[Stored data]
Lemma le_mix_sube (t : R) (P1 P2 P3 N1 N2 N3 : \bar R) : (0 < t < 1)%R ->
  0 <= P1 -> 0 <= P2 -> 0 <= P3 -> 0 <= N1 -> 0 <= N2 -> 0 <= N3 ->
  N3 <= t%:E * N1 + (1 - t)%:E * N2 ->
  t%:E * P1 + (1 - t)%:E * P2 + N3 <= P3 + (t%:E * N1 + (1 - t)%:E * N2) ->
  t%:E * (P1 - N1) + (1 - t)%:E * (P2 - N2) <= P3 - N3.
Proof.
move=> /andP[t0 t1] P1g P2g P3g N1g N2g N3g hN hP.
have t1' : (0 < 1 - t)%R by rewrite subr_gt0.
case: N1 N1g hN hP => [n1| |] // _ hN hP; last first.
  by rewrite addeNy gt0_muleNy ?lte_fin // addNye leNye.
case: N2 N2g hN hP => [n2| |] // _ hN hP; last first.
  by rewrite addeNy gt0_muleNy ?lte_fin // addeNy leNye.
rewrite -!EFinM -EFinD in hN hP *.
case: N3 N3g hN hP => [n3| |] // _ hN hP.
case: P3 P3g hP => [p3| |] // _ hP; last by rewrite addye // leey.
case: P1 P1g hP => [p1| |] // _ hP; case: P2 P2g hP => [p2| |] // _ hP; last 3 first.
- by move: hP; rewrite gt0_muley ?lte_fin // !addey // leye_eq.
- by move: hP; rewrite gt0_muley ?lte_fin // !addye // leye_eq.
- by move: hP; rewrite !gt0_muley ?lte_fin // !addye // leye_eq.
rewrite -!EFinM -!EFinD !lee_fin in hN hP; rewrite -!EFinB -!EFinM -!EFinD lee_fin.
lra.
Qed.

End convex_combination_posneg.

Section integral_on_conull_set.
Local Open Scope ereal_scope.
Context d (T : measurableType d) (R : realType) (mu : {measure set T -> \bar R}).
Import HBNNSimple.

Task instructions — Wherever "case" turns up in the records, copy the whole line.

Answer section —
case: N1 N1g hN hP => [n1| |] // _ hN hP; last first.
case: N2 N2g hN hP => [n2| |] // _ hN hP; last first.
case: N3 N3g hN hP => [n3| |] // _ hN hP.
case: P3 P3g hP => [p3| |] // _ hP; last by rewrite addye // leey.
case: P1 P1g hP => [p1| |] // _ hP; case: P2 P2g hP => [p2| |] // _ hP; last 3 first.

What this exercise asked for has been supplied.